Lemma betweenxx a t : between a a t -> t = a.
Proof.
rewrite /between orbb => /andP[le_at le_ta].
by apply/eqP; rewrite eq_le le_at le_ta.
Qed.

Lemma between_r a b : between a b b.
Proof. by rewrite /between lexx !andbT; exact: le_total. Qed.

Lemma between_itv (i : interval T) a b t :
  a \in i -> b \in i -> between a b t -> t \in i.
Proof.
case: i => l r; rewrite !itv_boundlr => /andP[la ar] /andP[lb br].
case/orP=> /andP[le_at le_tb].
  by rewrite (le_trans la) ?leBSide //= (le_trans _ br) // leBSide.
by rewrite (le_trans lb) ?leBSide //= (le_trans _ ar) // leBSide.
Qed.

Definition order_component V x := [set z | forall t, between x z t -> V t].

Lemma order_component_trans V x y z :
  order_component V x y -> order_component V y z -> order_component V x z.
Proof. by move=> xy yz t /(between_split y) [/xy|/yz]. Qed.

Lemma order_component_sym V x y : order_component V x y -> order_component V y x.
Proof. by move=> xy t; rewrite betweenC => /xy. Qed.

Lemma order_component_refl V x : V x -> order_component V x x.
Proof. by move=> Vx t /betweenxx ->. Qed.

Lemma order_component_sub V x : order_component V x `<=` V.
Proof. by move=> z xz; apply: xz; exact: between_r. Qed.

Lemma order_component_eq V x y z : order_component V x z ->
  order_component V y z -> order_component V x = order_component V y.
Proof.
move=> xz yz; have zx := order_component_sym xz.
have zy := order_component_sym yz.
apply/seteqP; split=> w.
  exact: order_component_trans (order_component_trans yz zx).
exact: order_component_trans (order_component_trans xz zy).
Qed.
Lemma rel_stabilizer_subgroup S (R : set (coset_space S * coset_space S)) :
  equivalence_rel R -> is_subgroup (rel_stabilizer R).
Proof.
case=> Rr Rs Rt; split; first by move=> y; rewrite mul1g.
split; first by move=> x z Rx Rz y; rewrite -mulgA; exact: Rt (Rz y) (Rx _).
by move=> x Rx y; apply: Rs; have := Rx (x^-1 * y); rewrite mulVKg.
Qed.

Lemma sub_rel_stabilizer S U (R : set (coset_space S * coset_space S)) :
  right_entourage S U `<=` R -> U `<=` rel_stabilizer R.
Proof.
move=> UR u Uu y; apply: UR => _ [s Ss <-].
by exists u => //; exists (y * s); [exists s|rewrite mulgA].
Qed.

Lemma setmulg_rel_stabilizer S U (R : set (coset_space S * coset_space S)) :
  R `<=` right_entourage S U -> setmulg (rel_stabilizer R) S `<=` setmulg U S.
Proof.
move=> RU _ [v Rv [s Ss <-]].
have [|u Uu [_ [t St <-] <-]] := RU _ (Rv 1) (v * s).
  by exists s; rewrite ?mulg1.
by exists u => //; exists t; rewrite ?mul1g.
Qed.

Lemma right_unif_nonarchimedean_setmulg_open_subgroup S U :
  right_unif_nonarchimedean S -> nbhs 1 U ->
  exists V, [/\ open V, is_subgroup V & setmulg V S `<=` setmulg U S].
Proof.
move=> Sna U1.
have [R [Req [W [W1 WR]] RU]] :=
  Sna _ (ex_intro _ U (conj U1 (@subset_refl _ _))).
have Rsub := rel_stabilizer_subgroup Req.
exists (rel_stabilizer R); split; [|by []|exact: setmulg_rel_stabilizer].
apply: subgroup_nbhs1_open Rsub _.
by apply: filterS W1; exact: sub_rel_stabilizer.
Qed.

End TopologicalGroupTheory.

Section SymmetricGroup.
Variable X : Type.

Record sym := Sym {
  sym_fun :> X -> X;
  sym_inv : X -> X;
  sym_funK : cancel sym_fun sym_inv;
  sym_invK : cancel sym_inv sym_fun }.

Lemma symP (s t : sym) : s =1 t -> s = t.
Proof.
case: s t => f g fK gK [f' g' fK' gK'] /= /funext ff'; subst f'.
have gg' : g' = g by apply: funext => x; rewrite -{1}(gK x) fK'.
by subst g'; congr Sym; exact: Prop_irrelevance.
Qed.

HB.instance Definition _ := gen_eqMixin sym.
HB.instance Definition _ := gen_choiceMixin sym.

Definition sym1 : sym := @Sym id id (fun _ => erefl) (fun _ => erefl).
Definition symM (s t : sym) : sym :=
  Sym (can_comp (sym_funK s) (sym_funK t)) (can_comp (sym_invK t) (sym_invK s)).
Definition symV (s : sym) : sym := Sym (sym_invK s) (sym_funK s).

Lemma symMA : associative symM. Proof. by move=> r s t; apply: symP. Qed.
Lemma sym1M : left_id sym1 symM. Proof. by move=> s; apply: symP. Qed.
Lemma symM1 : right_id sym1 symM. Proof. by move=> s; apply: symP. Qed.
Lemma symVM : left_inverse sym1 symV symM.
Proof. by move=> s; apply: symP => x; exact: sym_funK. Qed.
Lemma symMV : right_inverse sym1 symV symM.
Proof. by move=> s; apply: symP => x; exact: sym_invK. Qed.

HB.instance Definition _ := isGroup.Build sym symMA sym1M symM1 symVM symMV.

Lemma symMx (s t : sym) x : (s * t) x = s (t x). Proof. exact: erefl. Qed.

(* Pointwise convergence, with X discrete. *)
Definition sym_agree (s : sym) (F : seq X) : set sym :=
  [set t | forall x, List.In x F -> t x = s x].

Definition sym_nbhs (s : sym) : set_system sym :=
  [set A | exists F, sym_agree s F `<=` A].

HB.instance Definition _ := hasNbhs.Build sym sym_nbhs.

Lemma sym_nbhs_filter s : ProperFilter (sym_nbhs s).
Proof.
apply: Build_ProperFilter_ex; first by move=> A [F FA]; exists s; apply: FA.
split; first by exists [::].
  move=> A B [F FA] [F' F'B]; exists (F ++ F') => t tFF'.
  by split; [apply: FA|apply: F'B] => x Fx; apply: tFF'; apply: List.in_or_app;
    [left|right].
by move=> A B AB [F FA]; exists F; apply: subset_trans AB.
Qed.

Lemma sym_nbhs_singleton s A : sym_nbhs s A -> A s.
Proof. by case=> F; apply. Qed.

Lemma sym_nbhs_nbhs s A : sym_nbhs s A -> sym_nbhs s (sym_nbhs^~ A).
Proof.
case=> F FA; exists F => t tF; exists F => u uF.
by apply: FA => x Fx; rewrite uF ?tF.
Qed.

HB.instance Definition _ := Nbhs_isNbhsTopological.Build sym
  sym_nbhs_filter sym_nbhs_singleton sym_nbhs_nbhs.

Lemma sym_mulg_continuous : continuous (fun p : sym * sym => p.1 * p.2).
Proof.
move=> [s t] A /= [F FA].
exists (sym_agree s (map t F), sym_agree t F).
  by split; [exists (map t F)|exists F].
case=> s' t' [/= s'F t'F]; apply: FA => x Fx.
by rewrite symMx t'F // s'F //; exact: List.in_map.
Qed.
━━━━
## What you should do
Above are the records; from them, give again exactly the lines from the one containing "Definition sym1 : sym" through the one containing "Definition symV (s", both included.

## Result
Definition sym1 : sym := @Sym id id (fun _ => erefl) (fun _ => erefl).
Definition symM (s t : sym) : sym :=
  Sym (can_comp (sym_funK s) (sym_funK t)) (can_comp (sym_invK t) (sym_invK s)).
Definition symV (s : sym) : sym := Sym (sym_invK s) (sym_funK s).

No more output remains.